(Doob-Dynkin Theorem) Sigma algebra generated by a function Let $(X,F)$ a measurable space. Let $f\in M(X,F)$. Consider the sigma algebra generated by a function $\sigma(f):={f^{-1}(B):B\in \textit{B}(\mathbb{R})}$, where $\textit{B}(\mathbb{R})$ denotes the Borel sigma algebra. 
Show that if $\phi\in M(X,\sigma(f))$, then exists a borel measurable function $g:\mathbb{R}\longrightarrow \mathbb{R}$ such that $\phi =g\circ f$.
I don't know how to start. I thought that a good idea could be to prove it for simple measurable functions, but I can figure out how to do it.
I'll appreciate any suggestions, thanks.
 A: The idea to deal with simple functions is good. 

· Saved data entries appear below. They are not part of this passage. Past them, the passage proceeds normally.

(* In the setting of the context, Axiom (P2) holds for the projection distances $\{d_a\mid a\in C\}$ with any $\theta\ge4\delta$: for pairwise distinct $a,b,c\in C$, if $d_a(b,c)>\theta$ then $d_b(a,c)\le\theta$.
   Context: $X$ is a $\delta$-hyperbolic geodesic metric space ($\delta>0$, every geodesic triangle $\delta$-thin). $G$ acts on $X$ by isometries and $\mathcal{C}=(C,\{G_c\})$ is a $\rho$-separated fairly rotating family with $\rho\ge20\delta$ (i.e. $C\subseteq X$ is $G$-invariant, $G_c$ fixes $c$, $G_{gc}=gG_cg^{-1}$, distinct points of $C$ are at distance $\ge\rho$, and for $c\in C$, $g\in G_c\setminus\{1\}$, $x\in C\setminus\{c\}$ some geodesic from $x$ to $gx$ meets the closed $1$-ball about $c$). Fix $2+2\delta\le R\le\frac\rho2-3\delta$; $B_r(p)$ denotes the open ball. For $p\in C$, $S_p=\{x:d(x,p)=R\}$ with metric $d_{S_p}(x,y)=$ infimum of lengths of paths from $x$ to $y$ in $X\setminus B_R(p)$ (possibly $\infty$). For $x\in C\setminus\{p\}$, $\pi_p(x)\subseteq S_p$ is the set of points where geodesics $[p,x]$ meet $S_p$, and $d_p(x,y)=\operatorname{diam}_{S_p}(\pi_p(x)\cup\pi_p(y))$. *)

From Stdlib Require Import Reals Lra.
From Coquelicot Require Import Coquelicot.
Open Scope R_scope.

Section Defs.
Variable X : Type.
Variable d : X -> X -> R.

Record IsMetric : Prop := {
  met_nonneg : forall x y, 0 <= d x y;
  met_sep : forall x y, d x y = 0 <-> x = y;
  met_sym : forall x y, d x y = d y x;
  met_tri : forall x y z, d x z <= d x y + d y z }.

Definition geodesic (gam : R -> X) (x y : X) : Prop :=
  gam 0 = x /\ gam (d x y) = y /\
  forall s t, 0 <= s <= d x y -> 0 <= t <= d x y -> d (gam s) (gam t) = Rabs (s - t).

Definition on_geodesic (gam : R -> X) (x y : X) (z : X) : Prop :=
  exists t, 0 <= t <= d x y /\ gam t = z.

Definition geodesic_space : Prop :=
  forall x y, exists gam, geodesic gam x y.

Definition triangles_thin (delta : R) : Prop :=
  forall x y z g1 g2 g3, geodesic g1 x y -> geodesic g2 y z -> geodesic g3 x z ->
  forall p, on_geodesic g1 x y p ->
  exists q, (on_geodesic g2 y z q \/ on_geodesic g3 x z q) /\ d p q <= delta.

Definition hyperbolic_geodesic_space (delta : R) : Prop :=
  IsMetric /\ geodesic_space /\ triangles_thin delta.

Fixpoint partition_sum (gam : R -> X) (t : nat -> R) (n : nat) : R :=
  match n with
  | O => 0
  | S m => partition_sum gam t m + d (gam (t m)) (gam (t (S m)))
  end.

Definition is_partition (t : nat -> R) (n : nat) : Prop :=
  t O = 0 /\ t n = 1 /\ forall i, (i < n)%nat -> t i <= t (S i).

Definition path_length (gam : R -> X) : Rbar :=
  Rbar_lub (fun l => exists t n, is_partition t n /\ l = Finite (partition_sum gam t n)).

Definition continuous_on01 (gam : R -> X) : Prop :=
  forall s, 0 <= s <= 1 -> forall eps, 0 < eps -> exists eta, 0 < eta /\
    forall t, 0 <= t <= 1 -> Rabs (t - s) < eta -> d (gam s) (gam t) < eps.

Definition path_outside (p : X) (r : R) (gam : R -> X) (u v : X) : Prop :=
  continuous_on01 gam /\ gam 0 = u /\ gam 1 = v /\
  forall t, 0 <= t <= 1 -> r <= d p (gam t).

Definition sphere (p : X) (r : R) (x : X) : Prop := d x p = r.

(* d_{S_p}(u,v): infimum of lengths of paths in X \ B_r(p) (+oo if none) *)
Definition dS (p : X) (r : R) (u v : X) : Rbar :=
  Rbar_glb (fun l => exists gam, path_outside p r gam u v /\ l = path_length gam).

Definition proj (p : X) (r : R) (x : X) (u : X) : Prop :=
  exists gam, geodesic gam p x /\ on_geodesic gam p x u /\ sphere p r u.

(* d_p(x,y) = diam_{S_p}(pi_p(x) \cup pi_p(y)) *)
Definition dproj (p : X) (r : R) (x y : X) : Rbar :=
  Rbar_lub (fun l => exists u v,
    (proj p r x u \/ proj p r y u) /\ (proj p r x v \/ proj p r y v) /\
    l = dS p r u v).
Lemma rep_Phi B X hX : B (rep (Phi B X hX)) /\ equivA B X (rep (Phi B X hX)).
Proof.
  destruct (rep_spec (Phi B X hX)) as [hr e]; simpl in e.
  assert (h : cls B (rep (Phi B X hX)) (rep (Phi B X hX)))
    by (split; [exact hr | apply equivA_refl]).
  rewrite <- e in h; exact h.
Qed.

Lemma qmul_Phi B (hB : forall U V, B U -> B V -> B (gsum U V)) X Y hX hY :
  qmul (Phi B X hX) (Phi B Y hY) = Phi B (gsum X Y) (hB X Y hX hY).
Proof.
  destruct (rep_Phi B X hX) as [hX' eX], (rep_Phi B Y hY) as [hY' eY].
  unfold qmul; destruct (excluded_middle_informative _) as [h | n].
  - apply Phi_eq, equivA_sym, equivA_gsum; auto.
  - contradiction (n (hB _ _ hX' hY')).
Qed.

Lemma qP_Phi B X hX : B zero -> (qP (Phi B X hX) <-> isP X = true).
Proof.
  intro hz; unfold qP; simpl; split.
  - intros [Y [[_ e] hY]]; rewrite (equivA_isP B X Y hz e); exact hY.
  - intro h; exists X; repeat split; auto using equivA_refl.
Qed.

Lemma bijective_inverse {T U : Type} (f : T -> U) :
  (forall x y, f x = f y -> x = y) -> (forall y, exists x, f x = y) ->
  exists g : U -> T, (forall x, g (f x) = x) /\ (forall y, f (g y) = y).
Proof.
  intros inj surj.
  exists (fun y => proj1_sig (constructive_indefinite_description _ (surj y))).
  split.
  - intro x; apply inj; destruct (constructive_indefinite_description _ _) as [y hy]; exact hy.
  - intro y; destruct (constructive_indefinite_description _ _) as [x hx]; exact hx.
Qed.

Section OneGameExtension.

Variables (A : game -> Prop) (G H : game).
Hypothesis hA : closed A.
Hypothesis hGA : forall G', In G' (opts G) -> A G'.
Hypothesis hH : A H.
Hypothesis hGH : forall G', In G' (opts G) -> exists H', In H' (opts H) /\ equivA A G' H'.
Hypothesis hHG : forall H', In H' (opts H) -> exists G', In G' (opts G) /\ equivA A G' H'.

Local Notation Ap := (cl (fun X => A X \/ X = G)).

Lemma A_sub_ext X : A X -> Ap X.
Proof. intro hX; apply (cl_sub _ X X); [left; exact hX | constructor]. Qed.

Lemma ext_add_copies Y : Ap Y -> exists X k, A X /\ iso Y (add_copies X k G).
Proof.
  induction 1 as [Y W [hW | ->] hYW | Y1 Y2 _ (X1 & k1 & h1 & e1) _ (X2 & k2 & h2 & e2)].
  - exists Y, 0; split; [apply (closed_subpos A Y W); auto | apply iso_refl].
  - inversion hYW as [| G0 G' Y0 hG' hY]; subst.
    + exists zero, 1; split; [exact (closed_zero A H hA hH) | apply iso_sym, gsum_zero_l_iso].
    + exists Y, 0; split; [apply (closed_subpos A Y G'); auto | apply iso_refl].
  - exists (gsum X1 X2), (k1 + k2); split; [apply (proj2 hA); auto|].
    eapply iso_trans; [apply iso_gsum; eauto | apply gsum_add_copies].
Qed.

Lemma isP_add_copies_equivA X G' H' j : A X -> equivA A G' H' ->
  isP (add_copies (gsum X G') j H) = isP (add_copies (gsum X H') j H).
Proof.
  intros hX e.
  rewrite (isP_iso _ _ (add_copies_gsum H j X G')), (isP_iso _ _ (add_copies_gsum H j X H')).
  apply e, closed_add_copies; auto.
Qed.

Lemma isP_add_copies_swap X k : A X -> isP (add_copies X k G) = isP (add_copies X k H).
Proof.
  intro hX.
  apply (isP_simulation (fun Y Z => exists X k,
           A X /\ iso Y (add_copies X k G) /\ Z = add_copies X k H));
    [| exists X, k; repeat split; [exact hX | apply iso_refl]].
  clear X k hX; intros Y Z (X & k & hX & eY & ->).
  destruct (iso_bisimulation _ _ eY) as [hl hr]; split.
  - intros y hy; destruct (hl y hy) as [w [hw eyw]].
    destruct (in_opts_add_copies G k X w hw) as [[x [hx ->]] | (j & G' & -> & hG' & ew)].
    + exists (add_copies x k H), (add_copies x k H).
      split; [apply add_copies_opt; exact hx|].
      split; [exists x, k; repeat split; [exact (proj1 hA X hX x hx) | exact eyw] | reflexivity].
    + destruct (hGH G' hG') as [H' [hH' e]].
      exists (add_copies (gsum X H') j H), (add_copies (gsum X G') j H).
      split; [apply add_copies_opt_copy; exact hH'|].
      split; [exists (gsum X G'), j; repeat split; [apply (proj2 hA); auto | eapply iso_trans; eauto]|].
      apply isP_add_copies_equivA; assumption.
  - intros z hz.
    destruct (in_opts_add_copies H k X z hz) as [[x [hx ->]] | (j & H' & -> & hH' & ez)].
    + destruct (hr _ (add_copies_opt G k X x hx)) as [y [hy eyw]].
      exists y, (add_copies x k H); split; [exact hy|].
      split; [exists x, k; repeat split; [exact (proj1 hA X hX x hx) | exact eyw] | reflexivity].
    + destruct (hHG H' hH') as [G' [hG' e]].
      destruct (hr _ (add_copies_opt_copy G j X G' hG')) as [y [hy eyw]].
      exists y, (add_copies (gsum X G') j H); split; [exact hy|].
      split; [exists (gsum X G'), j; repeat split; [apply (proj2 hA); auto | exact eyw]|].
      rewrite (isP_iso _ _ ez); apply isP_add_copies_equivA; assumption.
Qed.

Lemma isP_gsum_add_copies_swap X Z k l : A X -> A Z ->
  isP (gsum (add_copies X k G) (add_copies Z l G)) =
  isP (gsum (add_copies X k H) (add_copies Z l H)).
Proof.
  intros hX hZ.
  rewrite (isP_iso _ _ (gsum_add_copies G X Z k l)), (isP_iso _ _ (gsum_add_copies H X Z k l)).
  apply isP_add_copies_swap, (proj2 hA); assumption.
Qed.

Lemma equivA_ext_add_copies Y X k : A X -> iso Y (add_copies X k G) ->
  equivA Ap Y (add_copies X k H).
Proof.
  intros hX eY W hW; destruct (ext_add_copies W hW) as (Z & l & hZ & eW).
  rewrite (isP_iso _ _ (iso_gsum _ _ _ _ eY eW)), isP_gsum_add_copies_swap by assumption.
  rewrite (isP_iso _ _ (iso_gsum _ _ _ _ (iso_refl (add_copies X k H)) eW)).
  symmetry; apply (isP_gsum_add_copies_swap (add_copies X k H) Z 0 l); [|exact hZ].
  apply closed_add_copies; assumption.
Qed.

Lemma equivA_ext X X' : A X -> A X' -> equivA A X X' -> equivA Ap X X'.
Proof.
  intros hX hX' e W hW; destruct (ext_add_copies W hW) as (Z & l & hZ & eW).
  pose proof (equivA_ext_add_copies W Z l hZ eW) as eW'.
  rewrite (isP_gsum_equivA_r Ap X W _ (A_sub_ext X hX) eW').
  rewrite (isP_gsum_equivA_r Ap X' W _ (A_sub_ext X' hX') eW').
  apply e, closed_add_copies; assumption.
Qed.

Lemma equivA_ext_G_H : equivA Ap G H.
Proof.
  eapply equivA_trans; [apply (equivA_ext_add_copies G zero 1)|].
  - exact (closed_zero A H hA hH).
  - apply iso_sym, gsum_zero_l_iso.
  - apply equivA_iso, gsum_zero_l_iso.
Qed.

Definition ext_map (c : Q A) : Q Ap := Phi Ap (rep c) (A_sub_ext _ (proj1 (rep_spec c))).

Lemma ext_map_Phi X hX hX' : ext_map (Phi A X hX) = Phi Ap X hX'.
Proof.
  destruct (rep_Phi A X hX) as [hr e].
  apply Phi_eq, equivA_sym, equivA_ext; assumption.
Qed.

Lemma ext_map_inj c d : ext_map c = ext_map d -> c = d.
Proof.
  destruct (Phi_surj A c) as (X & hX & ->), (Phi_surj A d) as (Y & hY & ->).
  rewrite (ext_map_Phi X hX (A_sub_ext X hX)), (ext_map_Phi Y hY (A_sub_ext Y hY)).
  intro e; apply Phi_eq, (equivA_sub A Ap); [exact A_sub_ext | exact (Phi_inj _ _ _ _ _ e)].
Qed.

Lemma ext_map_surj d : exists c, ext_map c = d.
Proof.
  destruct (Phi_surj Ap d) as (Y & hY & ->).
  destruct (ext_add_copies Y hY) as (X & k & hX & eY).
  assert (hXH : A (add_copies X k H)) by (apply closed_add_copies; assumption).
  exists (Phi A _ hXH); rewrite (ext_map_Phi _ _ (A_sub_ext _ hXH)).
  apply Phi_eq, equivA_sym, (equivA_ext_add_copies Y X k hX eY).
Qed.

Lemma ext_map_qmul c d : ext_map (qmul c d) = qmul (ext_map c) (ext_map d).
Proof.
  destruct (Phi_surj A c) as (X & hX & ->), (Phi_surj A d) as (Y & hY & ->).
  rewrite (qmul_Phi A (proj2 hA) X Y hX hY).
  rewrite (ext_map_Phi _ _ (cl_add _ _ _ (A_sub_ext X hX) (A_sub_ext Y hY))).
  rewrite (ext_map_Phi X hX (A_sub_ext X hX)), (ext_map_Phi Y hY (A_sub_ext Y hY)).
  rewrite (qmul_Phi Ap (cl_add _)).
  apply Phi_eq, equivA_refl.
Qed.

Lemma ext_map_qP c : qP c <-> qP (ext_map c).
Proof.
  destruct (Phi_surj A c) as (X & hX & ->).
  pose proof (closed_zero A H hA hH) as hz.
  rewrite (ext_map_Phi X hX (A_sub_ext X hX)).
  rewrite (qP_Phi A X hX hz), (qP_Phi Ap X _ (A_sub_ext _ hz)); reflexivity.
Qed.

End OneGameExtension.

Theorem mainTheorem13 (A : game -> Prop) (G H : game) :
  closed A ->
  (forall G', In G' (opts G) -> A G') ->
  A H ->
  (forall G' (hG' : A G'), In G' (opts G) ->
     exists H' (hH' : A H'), In H' (opts H) /\ Phi A G' hG' = Phi A H' hH') ->
  (forall H' (hH' : A H'), In H' (opts H) ->
     exists G' (hG' : A G'), In G' (opts G) /\ Phi A G' hG' = Phi A H' hH') ->
  let Ap := cl (fun X => A X \/ X = G) in
  exists iota : Q A -> Q Ap,
    (exists kappa : Q Ap -> Q A,
        (forall c, kappa (iota c) = c) /\ (forall d, iota (kappa d) = d)) /\
    (forall c d, iota (qmul c d) = qmul (iota c) (iota d)) /\
    (forall c, qP c <-> qP (iota c)) /\
    (forall X (hX : A X) (hX' : Ap X), iota (Phi A X hX) = Phi Ap X hX') /\
    (forall (hG : Ap G) (hH : Ap H), Phi Ap G hG = Phi Ap H hH).
Proof.
  intros hA hGA hH matchGH matchHG Ap.
  assert (hGH : forall G', In G' (opts G) -> exists H', In H' (opts H) /\ equivA A G' H').
  { intros G' inG'; destruct (matchGH G' (hGA G' inG') inG') as (H' & hH' & inH' & e).
    exists H'; split; [exact inH' | exact (Phi_inj _ _ _ _ _ e)]. }
  assert (hHG : forall H', In H' (opts H) -> exists G', In G' (opts G) /\ equivA A G' H').
  { intros H' inH'; destruct (matchHG H' (proj1 hA H hH H' inH') inH') as (G' & hG' & inG' & e).
    exists G'; split; [exact inG' | exact (Phi_inj _ _ _ _ _ e)]. }
  exists (ext_map A G); split; [|split; [|split; [|split]]].
  - exact (bijective_inverse _ (ext_map_inj A G H hA hGA hH hGH hHG)
                               (ext_map_surj A G H hA hGA hH hGH hHG)).
  - exact (ext_map_qmul A G H hA hGA hH hGH hHG).
  - exact (ext_map_qP A G H hA hGA hH hGH hHG).
  - exact (ext_map_Phi A G H hA hGA hH hGH hHG).
  - intros hG hH'; exact (Phi_eq _ _ _ _ _ (equivA_ext_G_H A G H hA hGA hH hGH hHG)).
Qed.
Lemma zprod_shift (g : Z -> Cplx) (c k n : Z) :
  zprod (fun m => g (m + c)%Z) k n = zprod g (k + c) n.
Proof. unfold zprod; f_equal; apply map_ext; intros; f_equal; lia. Qed.

Lemma zprod_neq_0 (g : Z -> Cplx) (k n : Z) :
  (forall m, (0 <= m < n)%Z -> g (k - 2 * m)%Z <> C0) -> zprod g k n <> C0.
Proof.
  intros H; unfold zprod.
  assert (Hg : forall m, In m (seq 0 (Z.to_nat n)) -> g (k - 2 * Z.of_nat m)%Z <> C0)
    by (intros m Hm; apply in_seq in Hm; apply H; lia).
  induction (seq 0 (Z.to_nat n)) as [|a l IH]; simpl; [exact C1_neq_C0|].
  apply Cmul_neq_0; [apply Hg; left; reflexivity | apply IH; intros; apply Hg; right; assumption].
Qed.

Lemma zprod_pred_start (g : Z -> Cplx) (k k' n : Z) : (0 <= n)%Z -> k' = (k - 2)%Z -> g k <> C0 ->
  zprod g k' n = Cdiv (Cmul (zprod g k n) (g (k - 2 * n)%Z)) (g k).
Proof.
  intros Hn -> Hk; rewrite <- (zprod_succ_r g k n (n + 1)), (zprod_succ_l g k n) by (auto; lia).
  field; assumption.
Qed.

Lemma Cpow_pred (z : Cplx) (j : Z) :
  (1 <= j)%Z -> Cpow z (Z.to_nat j) = Cmul z (Cpow z (Z.to_nat (j - 1))).
Proof. intros Hj; replace (Z.to_nat j) with (S (Z.to_nat (j - 1))) by lia; reflexivity. Qed.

Assume that $\phi$ is the characteristic function of an element of $\sigma(f)$, say $A$. Then we choose $g$ as the characteristic function of $f^{-1}(A)$. If $\phi$ is a linear combination with non-negative coefficients of such sets, the idea is the same. If $\phi$ is non-negative, then there is a sequence $(\phi_k)$ of simple non-negative functions such that $\phi_k(x)\uparrow \phi(x)$ for all $x$. For each $\phi_k$, there is a function $g_k$ such that $\phi_k=g_k\circ f$. Furthermore, the sequence $(g_k)_k$ is non-decreasing, hence it converges to a function $g$ (that why we dealt with the case $\phi$ non-negative separately). 
This is Doob-Dynkin's theorem. 
A: Let $\phi$ is the limit of a sequence of simple functions $\phi_k$ which you already expressed as $\phi_k = g_k \circ f$ for some Borel measurable $g_k: \mathbb R \to \mathbb R$.
If $g_k$ converges everywhere on $\mathbb R$, then we are done (by letting $g := \lim g_k$), but sadly we only know that $g_k$ converges on $f(X)$.
If $f(X)$ is measurable, then we are done, but there is no guarantee that $f(X)$ is always measurable.
But fortunately, there is a measurable $E$ such that $f(X) \subset E$ and that $g_k$ converges on $E$. Can you define $E$ to complete the proof?